Do you think Ferrero smiles up from his grave – don't ask about the details of how a dead man knows what's happening on Earth, just run with this – and thinks, 'if only I had lived long enough to see how much heroin people would try to stuff into that hollow egg I came up with?'

If so, Ferrero would probably be chuffed to learn about James Spotswood. The 28-year-old from Merseyside reportedly pulled a runner on Friday, after a court appearance at Shrewsbury Crown Court. He'd been charged on two counts of possession of Class As with intent to supply, and possession of a knife in a public place – he denied the charges, but was found guilty unanimously by a jury after the two-day trial.

It all started with a couple of Kinder Eggs. Spotswood was driving a Vauxhall with passenger Alan McNeil when police stopped them on the 30th of January last year, according to local press. A search of the car uncovered two Kinder Eggs pushed inside a sock, hidden under a compartment near the gear stick.

"Inside there was a large amount of drugs in individual street deals, ready for onward supply," said the prosecutor in the court case, speaking on Thursday. What the cops really found were about 79 wraps of crack, nine wraps of heroin and a mixture of both drugs in another wrap.
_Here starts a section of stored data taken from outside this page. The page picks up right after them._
(* Let $R$ be a ring, $M$ an $R$-module and $\theta$ an infinite cardinal. Then $\mathrm{Aff}_2\subseteq\mathrm{Aff}_1$.
   Context: All formulas are from $\mathscr{L}_{\infty,\theta}(\tau_M)$ with fewer than $\theta$ free variables. For $\varphi(\bar x,\bar y)$ and $\bar a\in{}^{\lg(\bar y)}M$, $\varphi(M,\bar a)=\{\bar c: M\models\varphi[\bar c,\bar a]\}$. $\mathrm{Aff}_1$ is the set of formulas $\varphi(\bar x)$ with $\lg(\bar x)<\theta$ such that $\varphi(M)$ is closed under $(\bar a,\bar b,\bar c)\mapsto\bar a-\bar b+\bar c$ (coordinatewise). For an ordinal $\alpha_*$, formulas $\varphi(\bar x,\bar y)$ and $\bar\psi=\langle\psi_\alpha(\bar x,\bar y):\alpha<\alpha_*\rangle$, and $\bar b\in{}^{\lg\bar x}M$, $\bar a\in{}^{\lg\bar y}M$, let $\mathrm{set}_{\bar\psi}(\bar b,\bar a)=\{\alpha<\alpha_*:\bar b^\frown\bar a\in\psi_\alpha(M)\}$; $\mathrm{Set}_{\varphi,\bar\psi}(\bar a)=\{\mathrm{set}_{\bar\psi}(\bar c,\bar a):\bar c\in\varphi(M,\bar a)\}$; and $\mathrm{inter}_{\varphi,\bar\psi}(\bar a)$ is the set of pairs $(w_0,w_1)$ with $w_0\subseteq w_1\subseteq\alpha_*$ such that there are $u_0,u_1\in\mathrm{Set}_{\varphi,\bar\psi}(\bar a)$ with $w_1\subseteq u_1$ and $u_0\cap w_1=w_0$. $\mathrm{Aff}_2$ is the smallest class of formulas containing the atomic formulas and closed under: (a) arbitrary conjunctions; (b) existential quantification $\exists\bar x$; (c) if $\varphi(\bar x,\bar y)$ and $\psi_\alpha(\bar x,\bar y)$ ($\alpha<\alpha_*$) are in $\mathrm{Aff}_2$ with $\psi_\alpha(M)\subseteq\varphi(M)$ for all $\alpha<\alpha_*$, and $\Upsilon\subseteq\{(w_0,w_1):w_0\subseteq w_1\subseteq\alpha_*\}$, then the formula $\vartheta(\bar y)=\Theta_{\varphi,\bar\psi,\Upsilon}(\bar y)$ is in $\mathrm{Aff}_2$, where $M\models\vartheta[\bar a]$ iff $\Upsilon\subseteq\mathrm{inter}_{\varphi,\bar\psi}(\bar a)$. *)

From HB Require Import structures.
From mathcomp Require Import all_boot all_order all_algebra.
Set Implicit Arguments. Unset Strict Implicit. Unset Printing Implicit Defensive.
Import GRing.Theory.
Local Open Scope ring_scope.

Section AffDefs.
Variables (R : pzRingType) (M : lmodType R) (Th : Type).

(* The cardinal theta is represented as the cardinality of the type Th. *)
Definition infinite_card : Prop := exists f : nat -> Th, injective f.

Definition lt_theta (I : Type) : Prop :=
  (exists f : I -> Th, injective f) /\ ~ (exists g : Th -> I, injective g).

Inductive term (I : Type) : Type :=
| TVar of I
| TZero
| TAdd of term I & term I
| TOpp of term I
| TScale of R & term I.

Fixpoint eval_term (I : Type) (a : I -> M) (t : term I) : M :=
  match t with
  | TVar i => a i
  | TZero => 0
  | TAdd t1 t2 => eval_term a t1 + eval_term a t2
  | TOpp t1 => - eval_term a t1
  | TScale r t1 => r *: eval_term a t1
  end.

Definition join (X Y : Type) (b : X -> M) (a : Y -> M) : X + Y -> M :=
  fun s => match s with inl x => b x | inr y => a y end.

Definition Aff1 (I : Type) (phi : (I -> M) -> Prop) : Prop :=
  lt_theta I /\
  forall a b c : I -> M, phi a -> phi b -> phi c ->
    phi (fun i => a i - b i + c i).

Section ThetaConstr.
Variables (X Y A : Type) (phi : (X + Y -> M) -> Prop)
          (psi : A -> (X + Y -> M) -> Prop).

Definition set_psi (b : X -> M) (a : Y -> M) : A -> Prop :=
  fun al => psi al (join b a).

Definition in_SetF (a : Y -> M) (u : A -> Prop) : Prop :=
  exists c : X -> M, phi (join c a) /\ (forall al, u al <-> set_psi c a al).

Definition in_inter (a : Y -> M) (w : (A -> Prop) * (A -> Prop)) : Prop :=
  (forall al, w.1 al -> w.2 al) /\
  exists u0 u1, in_SetF a u0 /\ in_SetF a u1 /\
    (forall al, w.2 al -> u1 al) /\
    (forall al, (u0 al /\ w.2 al) <-> w.1 al).

Definition Theta_form (Ups : (A -> Prop) * (A -> Prop) -> Prop) (a : Y -> M)
  : Prop := forall w, Ups w -> in_inter a w.
End ThetaConstr.

(* Aff_2, as a class of (context, defined relation) pairs. *)
Inductive Aff2 : forall I : Type, ((I -> M) -> Prop) -> Prop :=
| Aff2_atomic (I : Type) (t1 t2 : term I) :
    lt_theta I -> Aff2 (fun a : I -> M => eval_term a t1 = eval_term a t2)
| Aff2_conj (I K : Type) (phis : K -> (I -> M) -> Prop) :
    lt_theta I -> (forall k, Aff2 (phis k)) ->
    Aff2 (fun a : I -> M => forall k, phis k a)
| Aff2_exists (X Y : Type) (phi : (X + Y -> M) -> Prop) :
    lt_theta (X + Y) -> Aff2 phi ->
    Aff2 (fun a : Y -> M => exists b : X -> M, phi (join b a))
| Aff2_subst (I J : Type) (sigma : I -> J) (phi : (I -> M) -> Prop) :
    lt_theta J -> Aff2 phi -> Aff2 (fun a : J -> M => phi (fun i => a (sigma i)))
| Aff2_Theta (X Y A : Type) (phi : (X + Y -> M) -> Prop)
    (psi : A -> (X + Y -> M) -> Prop) (Ups : (A -> Prop) * (A -> Prop) -> Prop) :
    lt_theta (X + Y) -> Aff2 phi -> (forall al, Aff2 (psi al)) ->
    (forall al d, psi al d -> phi d) ->
    (forall w, Ups w -> forall al, w.1 al -> w.2 al) ->
    Aff2 (Theta_form phi psi Ups).

End AffDefs.

(** Affine closure, i.e. closure of [phi(M)] under [(a, b, c) |-> a - b + c],
    is preserved by every clause generating Aff_2.  Atomic formulas are affine
    because terms evaluate to additive, R-linear functions of the assignment.
    For [Theta_{phi,psi,Ups}], given for [a_j] (j = 1, 2, 3) witnesses [c0j]
    for [u0] and [c1j] for [u1], the new witnesses are [c01 - c12 + c13] and
    [c11 - c12 + c13]: on [w1] every [psi_alpha] contains [c12] and [c13], and
    an affinely closed set containing [y] and [z] contains [x] iff it contains
    [x - y + z]. *)
From mathcomp Require Import all_boot all_order all_algebra.
From Stdlib Require Import FunctionalExtensionality.
Set Implicit Arguments. Unset Strict Implicit. Unset Printing Implicit Defensive.
Import GRing.Theory.
Local Open Scope ring_scope.

Lemma lt_theta_inr (Th X Y : Type) : lt_theta Th (X + Y) -> lt_theta Th Y.
Proof.
move=> [[f f_inj] no_inj_from_Th]; split.
  by exists (fun y => f (inr y)) => y1 y2 /f_inj [].
move=> [g g_inj]; apply: no_inj_from_Th.
by exists (fun t => inr (g t)) => t1 t2 [] /g_inj.
Qed.

Section AffineClosure.
Variables (R : pzRingType) (M : lmodType R).

Definition affine_comb (I : Type) (a b c : I -> M) : I -> M :=
  fun i => a i - b i + c i.

Definition affine_closed (I : Type) (P : (I -> M) -> Prop) : Prop :=
  forall a b c, P a -> P b -> P c -> P (affine_comb a b c).

Lemma affine_combK (I : Type) (a b c : I -> M) :
  affine_comb (affine_comb a b c) c b = a.
Proof. by apply: functional_extensionality => i; rewrite /affine_comb addrK subrK. Qed.

Lemma affine_closed_cancel (I : Type) (P : (I -> M) -> Prop) (a b c : I -> M) :
  affine_closed P -> P b -> P c -> P (affine_comb a b c) <-> P a.
Proof.
move=> P_aff Pb Pc; split=> [Pabc | Pa]; last exact: P_aff.
by rewrite -(affine_combK a b c); apply: P_aff.
Qed.

Lemma join_affine_comb (X Y : Type) (b1 b2 b3 : X -> M) (a1 a2 a3 : Y -> M) :
  join (affine_comb b1 b2 b3) (affine_comb a1 a2 a3)
  = affine_comb (join b1 a1) (join b2 a2) (join b3 a3).
Proof. by apply: functional_extensionality => -[]. Qed.

Lemma eval_term_affine_comb (I : Type) (a b c : I -> M) (t : term R I) :
  eval_term (affine_comb a b c) t = eval_term a t - eval_term b t + eval_term c t.
Proof.
elim: t => //= [|t1 IH1 t2 IH2|t IH|r t IH].
- by rewrite subr0 addr0.
- by rewrite IH1 IH2 addrACA opprD (addrACA (eval_term a t1)).
- by rewrite IH !opprD.
- by rewrite IH scalerDr scalerBr.
Qed.

Lemma affine_closed_eq_term (I : Type) (t1 t2 : term R I) :
  affine_closed (fun a : I -> M => eval_term a t1 = eval_term a t2).
Proof. by move=> a b c e_a e_b e_c; rewrite !eval_term_affine_comb e_a e_b e_c. Qed.

Lemma affine_closed_forall (I K : Type) (P : K -> (I -> M) -> Prop) :
  (forall k, affine_closed (P k)) -> affine_closed (fun a => forall k, P k a).
Proof. by move=> P_aff a b c Pa Pb Pc k; apply: P_aff. Qed.

Lemma affine_closed_exists (X Y : Type) (P : (X + Y -> M) -> Prop) :
  affine_closed P -> affine_closed (fun a : Y -> M => exists b, P (join b a)).
Proof.
move=> P_aff a1 a2 a3 [b1 P1] [b2 P2] [b3 P3].
by exists (affine_comb b1 b2 b3); rewrite join_affine_comb; apply: P_aff.
Qed.

Lemma affine_closed_subst (I J : Type) (sigma : I -> J) (P : (I -> M) -> Prop) :
  affine_closed P -> affine_closed (fun a : J -> M => P (fun i => a (sigma i))).
Proof. by move=> P_aff a b c; apply: P_aff. Qed.

Section Theta.
Variables (X Y A : Type) (phi : (X + Y -> M) -> Prop)
          (psi : A -> (X + Y -> M) -> Prop).
Hypotheses (phi_aff : affine_closed phi) (psi_aff : forall al, affine_closed (psi al)).

Lemma in_SetF_affine_comb (a1 a2 a3 : Y -> M) (c1 c2 c3 : X -> M) :
  phi (join c1 a1) -> phi (join c2 a2) -> phi (join c3 a3) ->
  in_SetF phi psi (affine_comb a1 a2 a3)
    (set_psi psi (affine_comb c1 c2 c3) (affine_comb a1 a2 a3)).
Proof.
move=> phi1 phi2 phi3; exists (affine_comb c1 c2 c3); split=> //.
by rewrite join_affine_comb; apply: phi_aff.
Qed.

Lemma set_psi_affine_comb (a1 a2 a3 : Y -> M) (c1 c2 c3 : X -> M) al :
  set_psi psi c2 a2 al -> set_psi psi c3 a3 al ->
  set_psi psi (affine_comb c1 c2 c3) (affine_comb a1 a2 a3) al <->
  set_psi psi c1 a1 al.
Proof. by rewrite /set_psi join_affine_comb; apply: affine_closed_cancel. Qed.

Lemma in_inter_affine_comb (a1 a2 a3 : Y -> M) w :
  in_inter phi psi a1 w -> in_inter phi psi a2 w -> in_inter phi psi a3 w ->
  in_inter phi psi (affine_comb a1 a2 a3) w.
Proof.
move=> [w01 [u01 [u11 [[c01 [phi01 S01]] [[c11 [phi11 S11]] [w1u11 w0E1]]]]]].
move=> [_ [_ [u12 [_ [[c12 [phi12 S12]] [w1u12 _]]]]]].
move=> [_ [_ [u13 [_ [[c13 [phi13 S13]] [w1u13 _]]]]]].
have on_w1 c al : w.2 al ->
    set_psi psi (affine_comb c c12 c13) (affine_comb a1 a2 a3) al <->
    set_psi psi c a1 al.
  by move=> w1al; apply: set_psi_affine_comb; [apply/S12/w1u12 | apply/S13/w1u13].
split=> //; do 2 eexists; split; last split.
- exact: (in_SetF_affine_comb phi01 phi12 phi13).
- exact: (in_SetF_affine_comb phi11 phi12 phi13).
split=> al.
  by move=> w1al; apply/on_w1/S11/w1u11.
apply: iff_trans (w0E1 al); split=> -[u0al w1al]; split=> //.
  by apply/S01/(on_w1 _ _ w1al).
by apply/(on_w1 _ _ w1al)/S01.
Qed.

Lemma affine_closed_Theta (Ups : (A -> Prop) * (A -> Prop) -> Prop) :
  affine_closed (Theta_form phi psi Ups).
Proof. by move=> a1 a2 a3 T1 T2 T3 w Ups_w; apply: in_inter_affine_comb; auto. Qed.

End Theta.
End AffineClosure.

Theorem proposition2p22 (R : pzRingType) (M : lmodType R) (Th : Type) :
  infinite_card Th ->
  forall (I : Type) (phi : (I -> M) -> Prop),
    @Aff2 R M Th I phi -> @Aff1 R M Th I phi.
Proof.
move=> _ I phi; elim=> {I phi}.
- by move=> I t1 t2 lt_I; split=> //; apply: affine_closed_eq_term.
- move=> I K phis lt_I _ IH; split=> //.
  by apply: affine_closed_forall => k; case: (IH k).
- move=> X Y phi lt_XY _ [_ phi_aff]; split; first exact: lt_theta_inr lt_XY.
  exact: affine_closed_exists.
- move=> I J sigma phi lt_J _ [_ phi_aff]; split=> //.
  exact: affine_closed_subst.
- move=> X Y A phi psi Ups lt_XY _ [_ phi_aff] _ IHpsi _ _.
  split; first exact: lt_theta_inr lt_XY.
  by apply: affine_closed_Theta => // al; case: (IHpsi al).
Qed.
The police made one of their usual street value estimates, deciding this haul would have fetched about £900 (though the actual amounts of the drugs weren't listed).

On top of the Class As, the police then found that Spotswood had £235 in cash, which was seized. Spotswood's defence rested on the idea that he'd been working under duress, and was basically being forced to drive McNeil around to move the drugs. When Spotswood gave evidence, he said that McNeil had been threatening him with the knife the police found in the car, making him drive from one spot to another to for pick-ups.

In the end, McNeil pleaded guilty to two counts of possessing Class As with intent to supply. On Friday, when Spotswood was found guilty of all three charges levelled against him, his lawyer asked that he be given bail until his sentencing on the 29th of November. That request was refused, and Spotswood then ran out of the building. Like, he just left. After a few hours, the police tracked Spotswood down again and arrested him. He's still yet to be sentenced.

In the meantime, the Kinder Surprise continues to shift from childhood nostalgia-inducing treat to an ideal place to try and hide drugs. You may remember the story from July, of two brother who'd shoved £25,000 worth of heroin up their bums – smuggled, obviously, in Kinder Eggs. There were the coke-filled Kinders hidden in bins out a London pub and found on people at the pub, after several police raids. And, of course, there was the story of a six-year-old boy who found crystal meth stashed inside a Kinder Egg nestled under a bush.

In his long life, Michele Ferrero grew to become the richest man in Italy. But perhaps his biggest accomplishment of all was inadvertently designing a chocolate for kids that could be so ingeniously used to move Class As from one place to another. Surely, it's what he would have wanted.